→ Work to complete
Send back all of the data, word for word.

→ The records
━━━━━━━━

Definition Mc (c : R) (gam N gam2 N2 : R -> V3) (x : V3) : V6 :=
  let t := coord x 0 in let r := coord x 1 in let s := coord x 2 in
  (vadd (vscal (cosh (sqrt c * t)) (gam r)) (vscal (sinh (sqrt c * t)) (N r)),
   vadd (vscal (cosh (sqrt (1 - c) * t)) (gam2 s))
        (vscal (sinh (sqrt (1 - c) * t)) (N2 s))).

Definition dP (f : R -> V6) (u : R) : V6 :=
  (dV (fun v => fst (f v)) u, dV (fun v => snd (f v)) u).

Definition pF (i : nat) (F : V3 -> V6) (x : V3) : V6 :=
  dP (fun u => F (upd x i u)) (coord x i).

Definition pd (i : nat) (f : V3 -> R) (x : V3) : R :=
  Derive (fun u => f (upd x i u)) (coord x i).

Definition sum3 (f : nat -> R) : R := f 0%nat + f 1%nat + f 2%nat.

Definition gm (F : V3 -> V6) (i j : nat) (x : V3) : R :=
  ip6 (pF i F x) (pF j F x).

Definition cof (F : V3 -> V6) (i j : nat) (x : V3) : R :=
  let i1 := ((i + 1) mod 3)%nat in let i2 := ((i + 2) mod 3)%nat in
  let j1 := ((j + 1) mod 3)%nat in let j2 := ((j + 2) mod 3)%nat in
  gm F i1 j1 x * gm F i2 j2 x - gm F i1 j2 x * gm F i2 j1 x.

Definition detg (F : V3 -> V6) (x : V3) : R :=
  sum3 (fun j => gm F 0 j x * cof F 0 j x).

Definition ginv (F : V3 -> V6) (i j : nat) (x : V3) : R :=
  cof F j i x / detg F x.

(* xi is a unit normal of F at x: tangent to H^2 x H^2 at F x, unit,
   orthogonal to the tangent space of M *)
Definition unit_normal (F : V3 -> V6) (x : V3) (xi : V6) : Prop :=
  ip6 xi xi = 1 /\ lor (fst xi) (fst (F x)) = 0 /\ lor (snd xi) (snd (F x)) = 0 /\
  forall i, (i < 3)%nat -> ip6 xi (pF i F x) = 0.

(* second fundamental form h_ij w.r.t. xi (the Levi-Civita connection of
   H^2 x H^2 differs from the flat derivative of R^6 by a combination of
   (F1,0),(0,F2), which is orthogonal to xi) *)
Definition sff (F : V3 -> V6) (xi : V6) (i j : nat) (x : V3) : R :=
  ip6 (pF i (pF j F) x) xi.

Definition mean_curv (F : V3 -> V6) (xi : V6) (x : V3) : R :=
  sum3 (fun i => sum3 (fun j => ginv F i j x * sff F xi i j x)).

Definition minimal_on (F : V3 -> V6) (U : V3 -> Prop) : Prop :=
  forall x, U x -> forall xi, unit_normal F x xi -> mean_curv F xi x = 0.

Definition Gam1 (F : V3 -> V6) (p k l : nat) (x : V3) : R :=
  / 2 * (pd k (gm F p l) x + pd l (gm F p k) x - pd p (gm F k l) x).

(* Riemann tensor R_{iklm} of the induced metric (Landau-Lifshitz convention,
   R_{1212} = K det g for a surface of Gauss curvature K) *)
Definition Riem (F : V3 -> V6) (i k l m : nat) (x : V3) : R :=
  / 2 * (pd k (pd l (gm F i m)) x + pd i (pd m (gm F k l)) x
         - pd k (pd m (gm F i l)) x - pd i (pd l (gm F k m)) x)
  + sum3 (fun p => sum3 (fun q => ginv F p q x *
        (Gam1 F p k l x * Gam1 F q i m x - Gam1 F p k m x * Gam1 F q i l x))).

Definition gX (F : V3 -> V6) (x : V3) (X Y : nat -> R) : R :=
  sum3 (fun i => sum3 (fun j => gm F i j x * X i * Y j)).

Definition sec (F : V3 -> V6) (x : V3) (X Y : nat -> R) : R :=
  sum3 (fun i => sum3 (fun k => sum3 (fun l => sum3 (fun m =>
    Riem F i k l m x * X i * Y k * X l * Y m))))
  / (gX F x X X * gX F x Y Y - gX F x X Y ^ 2).

Definition has_sec_curv (F : V3 -> V6) (U : V3 -> Prop) (K0 : R) : Prop :=
  forall x, U x -> forall X Y : nat -> R,
    gX F x X X * gX F x Y Y - gX F x X Y ^ 2 <> 0 -> sec F x X Y = K0.

Definition const_sec (F : V3 -> V6) (U : V3 -> Prop) : Prop :=
  exists K0, has_sec_curv F U K0.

━━━━━━━━

→ Written reply
Definition Mc (c : R) (gam N gam2 N2 : R -> V3) (x : V3) : V6 :=
  let t := coord x 0 in let r := coord x 1 in let s := coord x 2 in
  (vadd (vscal (cosh (sqrt c * t)) (gam r)) (vscal (sinh (sqrt c * t)) (N r)),
   vadd (vscal (cosh (sqrt (1 - c) * t)) (gam2 s))
        (vscal (sinh (sqrt (1 - c) * t)) (N2 s))).

Definition dP (f : R -> V6) (u : R) : V6 :=
  (dV (fun v => fst (f v)) u, dV (fun v => snd (f v)) u).

Definition pF (i : nat) (F : V3 -> V6) (x : V3) : V6 :=
  dP (fun u => F (upd x i u)) (coord x i).

Definition pd (i : nat) (f : V3 -> R) (x : V3) : R :=
  Derive (fun u => f (upd x i u)) (coord x i).

Definition sum3 (f : nat -> R) : R := f 0%nat + f 1%nat + f 2%nat.

Definition gm (F : V3 -> V6) (i j : nat) (x : V3) : R :=
  ip6 (pF i F x) (pF j F x).

Definition cof (F : V3 -> V6) (i j : nat) (x : V3) : R :=
  let i1 := ((i + 1) mod 3)%nat in let i2 := ((i + 2) mod 3)%nat in
  let j1 := ((j + 1) mod 3)%nat in let j2 := ((j + 2) mod 3)%nat in
  gm F i1 j1 x * gm F i2 j2 x - gm F i1 j2 x * gm F i2 j1 x.

Definition detg (F : V3 -> V6) (x : V3) : R :=
  sum3 (fun j => gm F 0 j x * cof F 0 j x).

Definition ginv (F : V3 -> V6) (i j : nat) (x : V3) : R :=
  cof F j i x / detg F x.

(* xi is a unit normal of F at x: tangent to H^2 x H^2 at F x, unit,
   orthogonal to the tangent space of M *)
Definition unit_normal (F : V3 -> V6) (x : V3) (xi : V6) : Prop :=
  ip6 xi xi = 1 /\ lor (fst xi) (fst (F x)) = 0 /\ lor (snd xi) (snd (F x)) = 0 /\
  forall i, (i < 3)%nat -> ip6 xi (pF i F x) = 0.

(* second fundamental form h_ij w.r.t. xi (the Levi-Civita connection of
   H^2 x H^2 differs from the flat derivative of R^6 by a combination of
   (F1,0),(0,F2), which is orthogonal to xi) *)
Definition sff (F : V3 -> V6) (xi : V6) (i j : nat) (x : V3) : R :=
  ip6 (pF i (pF j F) x) xi.

Definition mean_curv (F : V3 -> V6) (xi : V6) (x : V3) : R :=
  sum3 (fun i => sum3 (fun j => ginv F i j x * sff F xi i j x)).

Definition minimal_on (F : V3 -> V6) (U : V3 -> Prop) : Prop :=
  forall x, U x -> forall xi, unit_normal F x xi -> mean_curv F xi x = 0.

Definition Gam1 (F : V3 -> V6) (p k l : nat) (x : V3) : R :=
  / 2 * (pd k (gm F p l) x + pd l (gm F p k) x - pd p (gm F k l) x).

(* Riemann tensor R_{iklm} of the induced metric (Landau-Lifshitz convention,
   R_{1212} = K det g for a surface of Gauss curvature K) *)
Definition Riem (F : V3 -> V6) (i k l m : nat) (x : V3) : R :=
  / 2 * (pd k (pd l (gm F i m)) x + pd i (pd m (gm F k l)) x
         - pd k (pd m (gm F i l)) x - pd i (pd l (gm F k m)) x)
  + sum3 (fun p => sum3 (fun q => ginv F p q x *
        (Gam1 F p k l x * Gam1 F q i m x - Gam1 F p k m x * Gam1 F q i l x))).

Definition gX (F : V3 -> V6) (x : V3) (X Y : nat -> R) : R :=
  sum3 (fun i => sum3 (fun j => gm F i j x * X i * Y j)).

Definition sec (F : V3 -> V6) (x : V3) (X Y : nat -> R) : R :=
  sum3 (fun i => sum3 (fun k => sum3 (fun l => sum3 (fun m =>
    Riem F i k l m x * X i * Y k * X l * Y m))))
  / (gX F x X X * gX F x Y Y - gX F x X Y ^ 2).

Definition has_sec_curv (F : V3 -> V6) (U : V3 -> Prop) (K0 : R) : Prop :=
  forall x, U x -> forall X Y : nat -> R,
    gX F x X X * gX F x Y Y - gX F x X Y ^ 2 <> 0 -> sec F x X Y = K0.

Definition const_sec (F : V3 -> V6) (U : V3 -> Prop) : Prop :=
  exists K0, has_sec_curv F U K0.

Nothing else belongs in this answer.